Dazzling and dominating from the start with his speed and combination punching, Mason dropped Ohan (19-3, 9 KOs) with a southpaw counter left uppercut to the nose late in the opening round. A four-punch combination – jab, jab, left cross, right hook – early in the second floored Ohan again, prompting his corner to stop the mismatch.
“The only way is up,” Mason (15-0, 13 KOs) said when asked afterward where he goes from here. Commenting on the first knockdown, he said, “I touched him a few times to the body with that uppercut, and it landed, it landed a few times. So I threw it upstairs. … We executed the game plan how we wanted to.”
The remainder of the ESPN+ stream leading into the Christian Mbilli-Sergiy Derevyanchenko main event offered nothing but one-sided distance fights.
At the end of a hard-fought women’s 10-rounder, local junior lightweight Leila Beaudoin (12-1, 1 KO) captured a unanimous decision over Bolivia’s Lizbeth Crespo (15-8, 4 KOs) by scores of 100-90, 99-91 and 98-92. For Beaudoin, who hails from the town of Levis in Quebec, it was her third straight win since an upset defeat in 2023 at the hands of Elizabeth Chavez Espinoza. Crespo had trouble getting inside on the taller Beaudoin but nevertheless put up a game effort in defeat to the light-punching crowd favorite.
Wilkens Mathieu, a 19-year-old light heavyweight prospect originally from Quebec City and now fighting out of Montreal, hurt trial horse Facundo NIcolas Galovar several times but could never take him off his feet, his three-fight knockout streak ending as he ran his record to 10-0 (6 KOs).
Galovar, one of four Argentine opponents to come up far short on the undercard, sunk to 15-12-2 (9 KOs) as he lost 60-54 on all three cards. Highlights from the obviously talented Mathieu included a crushing left hook late in the opening round, a pair of nasty right uppercuts in the fourth and another violent left in the fifth.

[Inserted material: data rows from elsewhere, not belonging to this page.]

(* Let $S=\{s_f^h : f\in\{1,\dots,F\},\ h\in\{1,\dots,H\}\}$ and, for $X\subseteq S$, let $\mathbf{X}(X)\in\{0,1\}^{F\times H}$ be given by $x_{f,h}=1$ iff $s_f^h\in X$. Define the set function $G:2^S\to\mathbb{R}$ by $$G(X)=\sum_{u=1}^U\big(\omega_{0,u}-\bar D_u(\mathbf{X}(X))\big),$$ where, for a placement $\mathbf{X}$, $$\bar D_u=\sum_{j=1}^{|\mathcal{H}(u)|-1}\omega_{(j)_u,u}\sum_{f=1}^F\Big[\prod_{i=1}^{j-1}(1-x_{f,(i)_u})\Big]x_{f,(j)_u}P_f+\omega_{0,u}\sum_{f=1}^F\Big[\prod_{i=1}^{|\mathcal{H}(u)|-1}(1-x_{f,(i)_u})\Big]P_f.$$ Then $G$ is a monotone (nondecreasing) submodular set function.
   Context: Setting: helpers $\{0,1,\dots,H\}$, where helper $0$ is the base station; users $\{1,\dots,U\}$; files $\{1,\dots,F\}$ with request probabilities $P_f\ge 0$, $\sum_f P_f=1$. A bipartite graph with edge set $\mathcal{E}$ between helpers and users, with $(0,u)\in\mathcal{E}$ for all $u$; $\mathcal{H}(u)=\{h:(h,u)\in\mathcal{E}\}$ (so $0\in\mathcal{H}(u)$). Nonnegative reals $\omega_{h,u}$ (average download time per bit on link $(h,u)$) satisfy $\omega_{0,u}\ge\omega_{h,u}$ for all $(h,u)\in\mathcal{E}$, and $\omega_{h,u}=\omega_\infty$ for $(h,u)\notin\mathcal{E}$, where $\omega_\infty$ is a constant much larger than $\max_u\omega_{0,u}$. For each user $u$, $(j)_u$ denotes the helper in $\mathcal{H}(u)$ with the $j$-th smallest delay $\omega_{(j)_u,u}$, with the ordering chosen so that $(|\mathcal{H}(u)|)_u=0$ (the base station is last). Conventions: an empty product equals $1$, an empty sum equals $0$. Set functions: $G$ is submodular if $G(A\cup\{i\})-G(A)\ge G(B\cup\{i\})-G(B)$ for all $A\subseteq B\subseteq S$ and $i\in S\setminus B$; monotone if $A\subseteq B$ implies $G(A)\le G(B)$. *)

From mathcomp Require Import all_boot all_order all_algebra.
Set Implicit Arguments. Unset Strict Implicit. Unset Printing Implicit Defensive.
Import Order.TTheory GRing.Theory Num.Theory.
Local Open Scope ring_scope.

Definition set_submodular (R : realDomainType) (S : finType) (G : {set S} -> R) :=
  forall (A B : {set S}) (i : S), A \subset B -> i \notin B ->
    G (i |: B) - G B <= G (i |: A) - G A.

Definition set_monotone (R : realDomainType) (S : finType) (G : {set S} -> R) :=
  forall A B : {set S}, A \subset B -> G A <= G B.

(* Helpers are 'I_H.+1 (0 = base station); S = 'I_F * 'I_H, where the pair
   (f, h') stands for s_f^h with h = h'+1 (i.e. lift ord0 h'). *)
Definition xplace (H F : nat) (X : {set 'I_F * 'I_H}) (f : 'I_F) (h : 'I_H.+1) : bool :=
  if unlift ord0 h is Some h' then (f, h') \in X else false.

(* Average delay of user u; s = ordered list (j)_u, j = 1..|H(u)| (0-indexed here). *)
Definition Dbar (R : realDomainType) (H U F : nat) (P : 'I_F -> R)
  (omega : 'I_H.+1 -> 'I_U -> R) (s : seq 'I_H.+1) (u : 'I_U)
  (X : {set 'I_F * 'I_H}) : R :=
  let x f h := ((xplace X f h : nat)%:R : R) in
  \sum_(j < (size s).-1)
     omega (nth ord0 s j) u *
     \sum_(f < F) (\prod_(i < j) (1 - x f (nth ord0 s i))) * x f (nth ord0 s j) * P f
  + omega ord0 u *
     \sum_(f < F) (\prod_(i < (size s).-1) (1 - x f (nth ord0 s i))) * P f.

Definition Gfun (R : realDomainType) (H U F : nat) (P : 'I_F -> R)
  (omega : 'I_H.+1 -> 'I_U -> R) (ordh : 'I_U -> seq 'I_H.+1)
  (X : {set 'I_F * 'I_H}) : R :=
  \sum_(u < U) (omega ord0 u - Dbar P omega (ordh u) u X).

(* For a file f, the delay user u sees is the delay of the first helper in its
   sorted list (j)_u that caches f, or omega_{0,u} if none does: the products
   in Dbar are exactly the indicators of "helper (j)_u is the first one holding
   f".  Caching more can only move that first hit earlier, hence to a cheaper
   helper (monotonicity).  The gain of adding one item is the drop from the
   current first hit to the new item; a larger placement has an earlier (cheaper)
   current first hit, so the drop is smaller (submodularity).  Both properties
   are preserved by the nonnegative combination over files and users. *)
From mathcomp Require Import all_boot all_order all_algebra.
Import Order.TTheory GRing.Theory Num.Theory.
Set Implicit Arguments.
Unset Strict Implicit.
Unset Printing Implicit Defensive.
Local Open Scope ring_scope.

Definition first_cost (T V : Type) (w : T -> V) (d : V) (c : pred T) (t : seq T) : V :=
  nth d (map w t) (find c t).

Lemma first_cost_cons (T V : Type) (w : T -> V) d c a t :
  first_cost w d c (a :: t) = if c a then w a else first_cost w d c t.
Proof. by rewrite /first_cost /=; case: (c a). Qed.

Lemma eq_first_cost (T V : Type) (w : T -> V) d (c1 c2 : pred T) t :
  c1 =1 c2 -> first_cost w d c1 t = first_cost w d c2 t.
Proof. by move=> eq_c; rewrite /first_cost (eq_find eq_c). Qed.

Lemma first_cost_as_sum (R : nzRingType) (T : Type) (w : T -> R) (d : R) (c : pred T) x0 t :
  let x h := (c h)%:R : R in
  \sum_(j < size t) w (nth x0 t j) * ((\prod_(i < j) (1 - x (nth x0 t i))) * x (nth x0 t j))
  + d * \prod_(i < size t) (1 - x (nth x0 t i)) = first_cost w d c t.
Proof.
move=> x; elim: t => [|a t IH]; first by rewrite !big_ord0 add0r mulr1.
rewrite first_cost_cons /= big_ord_recl [X in _ + _ * X]big_ord_recl /= big_ord0 mul1r /x.
case ca: (c a) => /=.
  rewrite mulr1n subrr big1 ?mul0r ?mulr0 ?addr0 ?mulr1 // => j _.
  by rewrite big_ord_recl /= ca mulr1n subrr !mul0r mulr0.
rewrite subr0 mulr0 add0r mul1r -IH; congr (_ + _).
by apply: eq_bigr => j _; rewrite big_ord_recl /= ca subr0 mul1r.
Qed.

Section FirstCostOrder.

Variables (R : realDomainType) (T : Type) (w : T -> R) (d : R).

Lemma first_cost_ge m c t :
  m <= d -> (forall x, x \in map w t -> m <= x) -> m <= first_cost w d c t.
Proof.
move=> m_le_d m_le_t; rewrite /first_cost.
case: (ltnP (find c t) (size (map w t))) => [lt_k | le_k]; last by rewrite nth_default.
exact/m_le_t/mem_nth.
Qed.

Lemma first_cost_mono (cA cB : pred T) t :
  sorted (fun a b => w a <= w b) t -> all (fun x => w x <= d) t -> subpred cA cB ->
  first_cost w d cB t <= first_cost w d cA t.
Proof.
move=> + + sub_AB; elim: t => [|a t IH] sorted_at //= /andP[le_ad le_td].
rewrite !first_cost_cons.
case: (boolP (cA a)) => [/sub_AB -> //| _].
case: (cB a); last exact: IH (path_sorted sorted_at) le_td.
apply: (first_cost_ge _ le_ad); apply/allP; rewrite all_map.
have le_trans_w : transitive (fun a b => w a <= w b) by move=> ? ? ?; exact: le_trans.
exact: order_path_min le_trans_w sorted_at.
Qed.

Lemma first_cost_submod (p cA cB : pred T) t :
  sorted (fun a b => w a <= w b) t -> all (fun x => w x <= d) t -> subpred cA cB ->
  first_cost w d cB t - first_cost w d (fun h => p h || cB h) t
  <= first_cost w d cA t - first_cost w d (fun h => p h || cA h) t.
Proof.
move=> + + sub_AB; elim: t => [|a t IH] sorted_at le_atd; first by rewrite !subrr.
have sorted_t := path_sorted sorted_at.
have /andP[_ le_td] := le_atd.
rewrite !first_cost_cons.
case: (boolP (cA a)) => [cAa | ncAa]; first by rewrite (sub_AB _ cAa) !orbT.
case: (boolP (cB a)) => _; rewrite ?orbT ?orbF.
  rewrite subrr subr_ge0.
  have := first_cost_mono (cA := cA) (cB := fun h => p h || cA h) sorted_at le_atd.
  by rewrite !first_cost_cons (negbTE ncAa) orbF; apply=> h ->; rewrite orbT.
case: (p a); last exact: IH.
by rewrite lerD2r first_cost_mono.
Qed.

End FirstCostOrder.

Lemma xplaceU (H F : nat) (A B : {set 'I_F * 'I_H}) f h :
  xplace (A :|: B) f h = xplace A f h || xplace B f h.
Proof. by rewrite /xplace; case: (unlift ord0 h) => // h'; rewrite inE. Qed.

Lemma xplaceS (H F : nat) (A B : {set 'I_F * 'I_H}) f :
  A \subset B -> subpred (xplace A f) (xplace B f).
Proof. by move=> /subsetP sAB h; rewrite /xplace; case: (unlift ord0 h) => // h'; apply: sAB. Qed.

(* The last entry of [s] (the base station) only enters Dbar through the
   default value [omega ord0 u], hence the prefix [take (size s).-1 s]. *)
Lemma Dbar_first_cost (R : realDomainType) (H U F : nat) (P : 'I_F -> R)
    (omega : 'I_H.+1 -> 'I_U -> R) (s : seq 'I_H.+1) (u : 'I_U) (X : {set 'I_F * 'I_H}) :
  Dbar P omega s u X = \sum_(f < F) P f *
    first_cost (omega^~ u) (omega ord0 u) (xplace X f) (take (size s).-1 s).
Proof.
rewrite /Dbar; set n := (size s).-1; set t := take n s.
have size_t : size t = n by rewrite size_takel // leq_pred.
have nth_t i : (i < n)%N -> nth ord0 t i = nth ord0 s i by move=> lt_in; rewrite nth_take.
have prod_t f j : (j <= n)%N ->
    \prod_(i < j) (1 - (xplace X f (nth ord0 t i))%:R) =
    \prod_(i < j) (1 - (xplace X f (nth ord0 s i))%:R) :> R.
  by move=> le_jn; apply: eq_bigr => i _; rewrite nth_t // (leq_trans (ltn_ord i)).
under [RHS]eq_bigr => f _ do rewrite -(first_cost_as_sum _ _ _ ord0) size_t mulrDr mulr_sumr.
rewrite big_split /= exchange_big /= mulr_sumr; congr (_ + _).
  apply: eq_bigr => j _; rewrite mulr_sumr; apply: eq_bigr => f _.
  by rewrite (prod_t _ _ (ltnW (ltn_ord j))) nth_t // [RHS]mulrC mulrA.
by apply: eq_bigr => f _; rewrite prod_t // [RHS]mulrC mulrA.
Qed.

Lemma GfunB (R : realDomainType) (H U F : nat) (P : 'I_F -> R)
    (omega : 'I_H.+1 -> 'I_U -> R) (ordh : 'I_U -> seq 'I_H.+1) (Y Z : {set 'I_F * 'I_H}) :
  Gfun P omega ordh Y - Gfun P omega ordh Z =
  \sum_(u < U) (Dbar P omega (ordh u) u Z - Dbar P omega (ordh u) u Y).
Proof. by rewrite /Gfun -sumrB; apply: eq_bigr => u _; rewrite opprB addrC addrA subrK. Qed.

Theorem mainTheorem3 (R : realFieldType) (H U F : nat)
  (P : 'I_F -> R)
  (hP0 : forall f, 0 <= P f)
  (hP1 : \sum_(f < F) P f = 1)
  (E : 'I_H.+1 -> 'I_U -> bool)
  (hE0 : forall u, E ord0 u)
  (omega : 'I_H.+1 -> 'I_U -> R) (omega_inf : R)
  (homega_nonneg : forall h u, E h u -> 0 <= omega h u)
  (homega_base : forall h u, E h u -> omega h u <= omega ord0 u)
  (homega_inf : forall h u, ~~ E h u -> omega h u = omega_inf)
  (homega_inf_large : forall u, omega ord0 u < omega_inf)
  (ordh : 'I_U -> seq 'I_H.+1)
  (hord_uniq : forall u, uniq (ordh u))
  (hord_mem : forall u h, (h \in ordh u) = E h u)
  (hord_sorted : forall u, sorted (fun a b => omega a u <= omega b u) (ordh u))
  (hord_last : forall u, last ord0 (ordh u) = ord0) :
  set_monotone (Gfun P omega ordh) /\ set_submodular (Gfun P omega ordh).
Proof.
pose t u := take (size (ordh u)).-1 (ordh u).
have sorted_t u : sorted (fun a b => omega a u <= omega b u) (t u) by exact: take_sorted.
have le_base_t u : all (fun h => omega h u <= omega ord0 u) (t u).
  by apply/allP => h /mem_take; rewrite hord_mem; apply: homega_base.
split=> [A B sAB | A B i sAB _].
  apply: ler_sum => u _; rewrite lerD2l lerN2 !Dbar_first_cost.
  apply: ler_sum => f _; apply: ler_wpM2l => //.
  exact: first_cost_mono (sorted_t u) (le_base_t u) (xplaceS sAB).
rewrite !GfunB; apply: ler_sum => u _.
rewrite !Dbar_first_cost -!sumrB; apply: ler_sum => f _.
rewrite -!mulrBr; apply: ler_wpM2l => //.
have xplaceU1 X : xplace (i |: X) f =1 (fun h => xplace [set i] f h || xplace X f h).
  by move=> h; apply: xplaceU.
rewrite !(eq_first_cost _ _ _ (xplaceU1 _)).
exact: first_cost_submod (sorted_t u) (le_base_t u) (xplaceS sAB).
Qed.
Lemma leq_card_dist x y : #|x| <= #|y| + dist x y.
Proof. by rewrite dist_card -(cardsID y x) (setIC x) -(cardsID x y); lia. Qed.

Lemma dist_subset x y : x \subset y -> dist x y = #|y| - #|x|.
Proof.
move=> xy; rewrite dist_card -(cardsID x y) (setIidPr xy).
have /eqP-> : x :\: y == set0 by rewrite setD_eq0.
by rewrite cards0 add0n addKn.
Qed.

Lemma subset_dist x y : #|x| + dist x y <= #|y| -> x \subset y.
Proof.
rewrite dist_card -(cardsID y x) (setIC x) -(cardsID x y) => h.
by rewrite -setD_eq0 -cards_eq0; apply/eqP; lia.
Qed.

(* The ball of radius k - 1 around the empty set. *)
Definition low k : {set T} := [set x : T | #|x| < k].

Lemma in_low k x : (x \in low k) = (#|x| < k).
Proof. by rewrite inE. Qed.

Lemma relabel_low s k : relabel s (low k) = low k.
Proof. by apply/setP => y; rewrite mem_relabel !in_low card_pimset. Qed.

Lemma tail0 : tail 0 = [set: 'I_n].
Proof. by apply/setP => i; rewrite !inE. Qed.

Lemma level0 k x : (x \in level 0 k) = (#|x| == k).
Proof. by rewrite inE tail0 subsetT. Qed.

Lemma nbhd_low_setU t k H : 0 < k -> H \subset level 0 k ->
  nbhd t (low k :|: H) = low (k + t) :|: upshadow 0 t k H.
Proof.
move=> k0 Hl; have cardH y : y \in H -> #|y| = k by move/(subsetP Hl); rewrite level0 => /eqP.
apply/setP => x; rewrite in_setU in_low [x \in nbhd _ _]inE [x \in upshadow _ _ _ _]inE.
rewrite tail0 subsetT andTb; apply/exists_inP/idP => [[y] | ].
  rewrite in_setU in_low => /orP[yk | yH] dxy; have xy := leq_card_dist x y.
    by apply/orP; left; lia.
  have [//|xk] := ltnP #|x| (k + t); have yk := cardH y yH.
  have xkt : #|x| = k + t by lia.
  rewrite xkt eqxx andTb; apply/exists_inP; exists y => //.
  by apply: subset_dist; rewrite distC; lia.
case/orP => [xk | /andP[/eqP xk /exists_inP[f fH fx]]].
  have [|y [_ yx yk]] := subset_ext_card (sub0set x) (j := minn #|x| k.-1).
    by rewrite cards0 geq_minl.
  exists y; first by rewrite in_setU in_low yk; apply/orP; left; lia.
  by rewrite distC dist_subset // yk; lia.
exists f; first by rewrite in_setU fH orbT.
by rewrite distC dist_subset // xk (cardH f fH); lia.
Qed.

Queens, New York middleweight Jahi Tucker had the look of a promising – if occasionally sloppy – 21-year-old boxer-puncher as he routed Santiago Fernandez over eight rounds. Showing moves that drew a comparison to James Toney from broadcaster Timothy Bradley Jr., Tucker (12-1-1, 5 KOs) had his way with Fernandez (8-2-1, 4 KOs) throughout the bout, punctuating the action with a flush straight right hand with about 20 seconds remaining in the eighth. It was the best punch landed all fight, but the Argentine showed a sturdy chin as he shook it off and kept coming until the bell rang moments later.
Another of the card’s local fighters, southpaw junior lightweight Thomas “The Ghost” Chabot of Thetford Mines, Quebec, was bloodied and made to work a bit harder than the scores would suggest in outpointing Matias Guenemil over eight rounds. The judges tallied 80-72 twice and 79-73, but Guenemil (10-4-1, 5 KOs) landed more than his share of right hands on the mustachioed and mullet-adorned noggin of Chabot (11-0, 8 KOs). Still, Chabot was a clear victor, and could have won even wider had referee Albert Padulo Jr. not mistakenly ruled that a clean body-shot knockdown in the second round was the result of a low blow.
Unbeaten Belarusian lightweight prospect Dzmitry “The Wasp” Asanau (8-0, 3 KOs) opened the show with eight rounds of target practice against tough but hopelessly overmatched Alexis Camejo (8-4-2, 1 KO). All three judges handed in shutout 80-72 scorecards in favor of the 2016 and 2021 Olympian Asanau.